IFRS: Transfer pricing considerations

By Laura Thomas, CMA

“Transfer what?”  Transfer pricing can have implications worth millions of dollars, yet it’s an area of taxation that isn’t well understood by many business professionals.  In July 2010, Canadian pharmaceutical giant, GlaxoSmithKline, won the right to appeal Canada Revenue Agency’s (CRA) landmark transfer pricing adjustment.  If the decision is reversed, it could mean GlaxoSmithKline will avoid an increase in taxable revenue of $51.5 million, plus interest and penalties.

‘Transfer price’ refers to the price charged between related companies for cross-border transactions including the purchase of goods or services, interest payments on loans, and royalties.  These prices are governed by tax law and must be reported with the annual tax return on form T106: Information Return of Non-Arm’s Length Transaction with Non-Residents.  Transfer pricing rules can be found in section 247 of the Income Tax Act (ITA).

The arm’s length principle requires that, for tax purposes, the terms and conditions agreed to between related parties in their commercial or financial relations be those that one would have expected had the parties been dealing with each other at arm’s length. For more details refer to CRA’s Information Circular 87-2R.

In conjunction with the T106 requirement, companies are expected to prepare annual documentation supporting the arm’s length nature of their transfer prices.  Documentation requirements are outlined in section 247 of the ITA and can be prepared either in-house or by an accounting firm.

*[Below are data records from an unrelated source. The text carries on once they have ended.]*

(* Let $p>3$ be prime, $t\in\{1,3,p,3p\}$, and $1\le r\le 3p-1$ with $\gcd(r,3p)=1$. Then \[\Lambda(3,r,t)=\begin{cases}\Delta(|r|_p) & \text{if } r\equiv1\pmod 3\text{ and } t\in\{3,3p\},\\ \Delta\!\left(\frac{|r|_p}{\gcd(3,|r|_p)}\right) & \text{if } r\equiv 1\pmod 3\text{ and } t\in\{1,p\},\\ \Delta\!\left(\frac{|r|_p}{\gcd(2,|r|_p)}\right) & \text{if } r\equiv 2\pmod 3.\end{cases}\]
   Context: $|r|_m$ is the multiplicative order of $r$ modulo $m$ (with $|r|_1=1$). $S_k(x):=1+x+\cdots+x^{k-1}$, $S_0:=0$. For $m\ge1$ with $\gcd(r,m)=1$, $\kappa(m,r,t):=\dfrac{m|r|_m}{\gcd(m,\,tS_{|r|_m}(r))}$. For $d\in\{1,3,p,3p\}$, $\Lambda(d,r,t):=\{\ell>0:\ \ell \text{ divides } \frac{|r|_{3p}}{\gcd(\kappa(d,r,t),|r|_{3p})}\text{ and }\gcd(r^{\ell\kappa(d,r,t)}-1,3p)=d\}$. For a positive integer $m$, $\Delta(m):=\{\ell: 0<\ell<m,\ \ell\mid m\}$. *)

From mathcomp Require Import all_boot.
Set Implicit Arguments. Unset Strict Implicit. Unset Printing Implicit Defensive.

(* |r|_m : multiplicative order of r modulo m, i.e. the least k >= 1 with
   r^k = 1 (mod m).  For gcd(r,m)=1 this k is <= totient m <= m, so searching
   k in 1..m suffices; for m = 1 this gives 1 (matching |r|_1 = 1). *)
Definition mord (m r : nat) : nat :=
  (find (fun k => r ^ k.+1 == 1 %[mod m]) (iota 0 m)).+1.

Definition Ssum (k x : nat) : nat := \sum_(i < k) x ^ i.

Definition kappa (m r t : nat) : nat :=
  (m * mord m r) %/ gcdn m (t * Ssum (mord m r) r).

Definition Lambda (p d r t : nat) : pred nat :=
  fun l => [&& 0 < l,
               l %| mord (3 * p) r %/ gcdn (kappa d r t) (mord (3 * p) r)
             & gcdn (r ^ (l * kappa d r t) - 1) (3 * p) == d].

Definition Delta (m : nat) : pred nat :=
  fun l => [&& 0 < l, l < m & l %| m].

From mathcomp Require Import all_boot.
From mathcomp Require cyclic.
From mathcomp Require Import zify.

Set Implicit Arguments.
Unset Strict Implicit.
Unset Printing Implicit Defensive.

(* Write n = |r|_p and k = kappa(3,r,t).  By the Chinese remainder theorem,
   gcd(r^(lk) - 1, 3p) = 3 exactly when |r|_3 divides lk and n does not.  In
   all three cases |r|_3 divides k (k is 1, 3 and 2 respectively), so the gcd
   condition reduces to "n/gcd(k,n) does not divide l", while the condition
   l | |r|_(3p)/gcd(k,|r|_(3p)), with |r|_(3p) = lcm(|r|_3, n), reduces to
   l | n/gcd(k,n).  Hence Lambda(3,r,t) consists of the proper divisors of
   n/gcd(k,n), and it remains to compute k. *)

Lemma expn_eq1_mod m x q : x = 1 %[mod m] -> x ^ q = 1 %[mod m].
Proof. by move=> x1; rewrite -modnXm x1 modnXm exp1n. Qed.

Lemma totient_leq m : totient m <= m.
Proof.
rewrite totient_count_coprime.
apply: (@leq_trans (\sum_(0 <= d < m) 1)); first by apply: leq_sum => i _; apply: leq_b1.
by rewrite sum_nat_const_nat subn0 muln1.
Qed.

Section MultiplicativeOrder.

Variables (m r : nat).
Hypotheses (m_gt0 : 0 < m) (coprime_rm : coprime r m).

Let period k := r ^ k.+1 == 1 %[mod m].

Let has_period : has period (iota 0 m).
Proof.
apply/hasP; exists (totient m).-1.
  by rewrite mem_iota add0n; have := totient_leq m; have := totient_gt0 m; rewrite m_gt0; lia.
by rewrite /period prednK ?totient_gt0 //; apply/eqP; apply: cyclic.Euler_exp_totient.
Qed.

Lemma expn_mord_mod : r ^ mord m r = 1 %[mod m].
Proof.
apply/eqP; have := nth_find 0 has_period.
by rewrite nth_iota ?add0n // -{2}(size_iota 0 m) -has_find.
Qed.

Lemma expn_mod_neq1_ltn_mord j : 0 < j < mord m r -> r ^ j != 1 %[mod m].
Proof.
case/andP=> j_gt0 lt_j_mord; rewrite -(prednK j_gt0).
have lt_j_find : j.-1 < find period (iota 0 m) by rewrite /mord -/period in lt_j_mord; lia.
have lt_j_m : j.-1 < m by have := find_size period (iota 0 m); rewrite size_iota; lia.
by have := before_find 0 lt_j_find; rewrite nth_iota // add0n /period => ->.
Qed.

Lemma expn_mod_eq1 k : (r ^ k == 1 %[mod m]) = (mord m r %| k).
Proof.
apply/idP/idP => [/eqP rk1 | /dvdnP [q ->]]; last first.
  by rewrite mulnC expnM; apply/eqP/expn_eq1_mod/expn_mord_mod.
have rkmod1 : r ^ (k %% mord m r) = 1 %[mod m].
  move: rk1; rewrite {1}(divn_eq k (mord m r)) expnD (mulnC (k %/ _)) expnM.
  by rewrite -modnMml (expn_eq1_mod _ expn_mord_mod) modnMml mul1n.
apply: contraT; rewrite /dvdn => k_mod_neq0.
have := @expn_mod_neq1_ltn_mord (k %% mord m r).
by rewrite lt0n k_mod_neq0 ltn_pmod // rkmod1 eqxx => /(_ isT).
Qed.

End MultiplicativeOrder.

Lemma mord_mod1 m r : r %% m = 1 -> mord m r = 1.
Proof. by case: m => [|[|m]] r1; rewrite /mord //= ?modn1 // expn1 r1 modn_small. Qed.

Lemma mord3_mod2 r : r %% 3 = 2 -> mord 3 r = 2.
Proof. by move=> r2; rewrite /mord /= expn1 r2 -modnXm r2. Qed.

Lemma mord_mul m n r : 0 < m -> 0 < n -> coprime m n -> coprime r (m * n) ->
  mord (m * n) r = lcmn (mord m r) (mord n r).
Proof.
move=> m_gt0 n_gt0 co_mn co_rmn; move: (co_rmn); rewrite coprimeMr => /andP [co_rm co_rn].
have mord_dvdP k : (mord (m * n) r %| k) = (mord m r %| k) && (mord n r %| k).
  by rewrite -!expn_mod_eq1 ?muln_gt0 ?m_gt0 // chinese_remainder.
by apply/eqP; rewrite eqn_dvd mord_dvdP dvdn_lcml dvdn_lcmr dvdn_lcm -mord_dvdP dvdnn.
Qed.

Lemma gcdn_mul_prime_eq a q p : prime p -> coprime q p ->
  (gcdn a (q * p) == q) = (q %| a) && ~~ (p %| a).
Proof.
move=> p_pr co_qp; have [p_dvd_a | p_ndvd_a] := boolP (p %| a); rewrite ?andbF ?andbT.
  apply/negP => /eqP gcd_q; have /negP[] : ~~ (p %| q) by rewrite -prime_coprime // coprime_sym.
  by rewrite -gcd_q dvdn_gcd p_dvd_a dvdn_mull.
have co_ap : coprime a p by rewrite coprime_sym prime_coprime.
by rewrite mulnC Gauss_gcdr //; apply: (sameP eqP gcdn_idPr).
Qed.

Lemma coprime_3_prime p : prime p -> 3 < p -> coprime 3 p.
Proof. by move=> p_pr p_gt3; rewrite coprime_sym prime_coprime //; apply/negP => /dvdn_leq; lia. Qed.

Lemma gcd_expn_sub1_3p p r x : prime p -> 3 < p -> 0 < r -> coprime r (3 * p) ->
  (gcdn (r ^ x - 1) (3 * p) == 3) = (mord 3 r %| x) && ~~ (mord p r %| x).
Proof.
move=> p_pr p_gt3 r_gt0; rewrite coprimeMr => /andP [co_r3 co_rp].
rewrite gcdn_mul_prime_eq ?coprime_3_prime // -!eqn_mod_dvd ?expn_gt0 ?r_gt0 //.
by rewrite !expn_mod_eq1 // prime_gt0.
Qed.

Lemma dvdn_mul_divgcd n k l : 0 < k -> (n %| l * k) = (n %/ gcdn k n %| l).
Proof.
move=> k_gt0; set g := gcdn k n; have g_gt0 : 0 < g by rewrite gcdn_gt0 k_gt0.
have [n_eq k_eq] : n = n %/ g * g /\ k = k %/ g * g by rewrite !divnK ?dvdn_gcdr ?dvdn_gcdl.
have co : coprime (n %/ g) (k %/ g).
  by rewrite /coprime -(eqn_pmul2r g_gt0) muln_gcdl -n_eq -k_eq mul1n gcdnC.
by rewrite {1}n_eq {1}k_eq mulnA dvdn_pmul2r // Gauss_dvdl.
Qed.

Lemma divn_gcd_lcm a k n : 0 < k -> a %| k ->
  lcmn a n %/ gcdn k (lcmn a n) = n %/ gcdn k n.
Proof.
move=> k_gt0 a_dvd_k.
have same_dvd l : (lcmn a n %/ gcdn k (lcmn a n) %| l) = (n %/ gcdn k n %| l).
  by rewrite -!dvdn_mul_divgcd // dvdn_lcm dvdn_mull.
by apply/eqP; rewrite eqn_dvd same_dvd dvdnn -same_dvd dvdnn.
Qed.

Lemma Lambda3E p r t : prime p -> 3 < p -> 0 < r -> coprime r (3 * p) ->
  0 < kappa 3 r t -> mord 3 r %| kappa 3 r t ->
  Lambda p 3 r t =i Delta (mord p r %/ gcdn (kappa 3 r t) (mord p r)).
Proof.
move=> p_pr p_gt3 r_gt0 co_r3p k_gt0 mord3_dvd_k l; have p_gt0 := prime_gt0 p_pr.
rewrite /Lambda /Delta -!topredE /= (@mord_mul 3 p r) ?coprime_3_prime //.
rewrite divn_gcd_lcm // gcd_expn_sub1_3p // dvdn_mull //= dvdn_mul_divgcd //.
set N := _ %/ _; have N_gt0 : 0 < N by rewrite divn_gt0 ?gcdn_gt0 ?k_gt0 // dvdn_leq ?dvdn_gcdr.
case: l => [|l] //=; case: (boolP (l.+1 %| N)) => l_dvd_N; rewrite ?andbF //=.
by rewrite andbT ltn_neqAle dvdn_leq // andbT eqn_dvd l_dvd_N.
Qed.

Lemma Ssum1 x : Ssum 1 x = 1.
Proof. by rewrite /Ssum big_ord1. Qed.

Lemma Ssum2 x : Ssum 2 x = 1 + x.
Proof. by rewrite /Ssum big_ord_recr big_ord1 expn1. Qed.

Lemma kappa3_mod1 r t : r %% 3 = 1 -> kappa 3 r t = 3 %/ gcdn 3 t.
Proof. by move=> r1; rewrite /kappa mord_mod1 // Ssum1 !muln1. Qed.

Lemma kappa3_mod2 r t : r %% 3 = 2 -> kappa 3 r t = 2.
Proof.
move=> r2; rewrite /kappa mord3_mod2 // Ssum2.
suff /gcdn_idPl -> : 3 %| t * (1 + r) by [].
by rewrite dvdn_mull // /dvdn -modnDmr r2.
Qed.

Theorem lemma5p3 (p t r : nat) :
  prime p -> 3 < p ->
  t \in [:: 1; 3; p; 3 * p] ->
  1 <= r <= 3 * p - 1 ->
  coprime r (3 * p) ->
  [/\ (r %% 3 = 1 -> t \in [:: 3; 3 * p] ->
         Lambda p 3 r t =i Delta (mord p r)),
      (r %% 3 = 1 -> t \in [:: 1; p] ->
         Lambda p 3 r t =i Delta (mord p r %/ gcdn 3 (mord p r)))
    & (r %% 3 = 2 ->
         Lambda p 3 r t =i Delta (mord p r %/ gcdn 2 (mord p r)))].
Proof.
move=> p_pr p_gt3 _ /andP [r_gt0 _] co_r3p.
have Lambda3_Delta := @Lambda3E p r t p_pr p_gt3 r_gt0 co_r3p.
split=> [r1 t_in | r1 t_in | r2] l.
- have k1 : kappa 3 r t = 1.
    by rewrite kappa3_mod1 //; move: t_in; rewrite !inE => /orP [] /eqP ->; rewrite ?gcdnMr.
  by rewrite Lambda3_Delta k1 ?gcd1n ?divn1 // (mord_mod1 r1).
- have k3 : kappa 3 r t = 3.
    rewrite kappa3_mod1 //; move: t_in; rewrite !inE => /orP [] /eqP -> //.
    by rewrite (eqP (coprime_3_prime p_pr p_gt3)).
  by rewrite Lambda3_Delta k3 // (mord_mod1 r1).
- by rewrite Lambda3_Delta kappa3_mod2 // mord3_mod2.
Qed.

With the conversion to International Financial Reporting Standards (IFRS) coming in 2011, organizations should consider the impact IFRS will have on transfer prices.  This is especially true with the CRA’s increased focus on transfer pricing audits.  Due to the economic downturn and resulting lower tax revenues coming from businesses, there has been a marked shift in the CRA’s focus on extracting tax revenues through transfer pricing.

Part of the documentation requirements for transfer pricing includes an analysis of the related company’s transactions.  A common method for analyzing transactions is called the Transactional Net Margin Method (TNMM).  In short, this method compares the net profit margin (e.g. operating margin) of a taxpayer arising from the transaction with the net profit margins realized by arm’s length parties from similar transactions.  Comparability is generally established if the taxpayer falls within the arm’s length range of results.

However, it is possible for the taxpayer’s transfer prices to change because of the IFRS conversion without any change to the underlying economics.  The conversion to IFRS may result in a change to the taxpayer’s operating results which fall within the range under one financial reporting framework (e.g. GAAP), but outside the range under another (e.g. IFRS).  This is largely due to the fact that the financial ratios are highly sensitive to accounting standards and could lead to an unreliable conclusion as to the arm’s length nature of the transactions being tested.

The Supreme Court of Canada decision in Canderel Ltd. vs. the Queen concluded that the taxpayer is free to adopt any accounting method which is not inconsistent with (a) the provision of the income tax act; (b) established case law principles or “rules of law”; and (c) well-accepted business principles.

However, taxpayers need to be aware that tax authorities may want to use the results of a financial reporting framework that are more favourable to their position; therefore, it may be good practice to document specific accounting standards that result in a significant change in profitability.  This can help address potential assertions by CRA that the significant change in profitability was the result of improper transfer prices or a significant shift of functions, risks or assets for which the affected entity was not properly compensated.

In Canada, the CRA is currently analyzing differences between Canadian GAAP and IFRS and is specifically giving consideration to the impact on transfer pricing.  This means professionals and taxpayers alike must wait to see CRA’s management of the new method of financial reporting and its application for taxation purposes.  With so much potentially on the line, all companies – big and small – should pay close attention to this area of taxation.


Laura Thomas, CMA works in the Planning & Analysis division of Financial Services at Simon Fraser University (SFU). Prior to joining SFU, Laura was a senior transfer pricing analyst with KPMG.